Start of Block

Lemma inbox_Phi_surj (y : elt) : inbox y -> exists a : dom X m, Phi a = y.
Proof.
move=> /inboxP[S yS].
have [v [v_inj v_fresh]] : exists v : 'I_m.+1 * ('I_r * nat) -> nat,
    injective v /\ forall p, ~ exists i, S p.1 i (v p).
  apply: (@distinct_representatives _ (fun p => ~` (fun z => exists i, S p.1 i z))).
  by move=> [k p]; apply/coinfiniteP; case: (yS k).
have F_inj k : injective (glue (S k) (fun p => v (k, p))).
  apply: glue_inj => [|p q /v_inj[]//|p i Si]; first by case: (yS k).
  by apply: (v_fresh (k, p)); exists i.
exists ((fun k => NInj (F_inj k)), y); apply: functional_extensionality_dep => i.
apply: act_fix => k; have [S_coinf ySk] := box_family_supp yS k i.
by exists (S k i); split=> // z Sz; exact: glue_in.
Qed.

Lemma Phi_inj_quotrel (a b : dom X m) : Phi a = Phi b -> Q a b.
Proof.
case: a b => [F x] [F' x'] Phi_eq.
have [B xB] := mild_supp_family x; have [B' xB'] := mild_supp_family x'.
have yS := Phi_box_family F xB; have := Phi_box_family F' xB'; rewrite -Phi_eq => yS'.
have [K [K' [KS K'S' KK']]] := box_families_quotrel yS yS'.
apply: (quotrel_trans (quotrel_normalize (K := K) xB _)) => [k i z Bz|].
  by apply: KS; exists z.
apply: (quotrel_trans KK'); rewrite Phi_eq.
by apply/quotrel_sym/(quotrel_normalize xB') => k i z Bz; apply: K'S'; exists z.
Qed.

End Quotient.

Theorem theorem2p25 (r : nat) (X : 'I_r -> EMsSet) :
  (forall i, mild (X i)) ->
  forall m : nat,
    (forall a : dom X m, inbox (Phi a)) /\
    (forall y : (forall i : 'I_r, X i m), inbox y -> exists a : dom X m, Phi a = y) /\
    (forall a b : dom X m, Phi a = Phi b <-> quotrel a b).
Proof.
move=> X_mild m; split; [|split].
- exact: Phi_inbox.
- exact: inbox_Phi_surj.
- by move=> a b; split; [exact: Phi_inj_quotrel | exact: Phi_quotrel].
Qed.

End of Block

> [EXERCISE DETAILS] Go through the entries above, and wherever a line holds the word "move", copy that line.

> [SOLUTION BELOW]
move=> /inboxP[S yS].
  by move=> [k p]; apply/coinfiniteP; case: (yS k).
move=> X_mild m; split; [|split].
- by move=> a b; split; [exact: Phi_inj_quotrel | exact: Phi_quotrel].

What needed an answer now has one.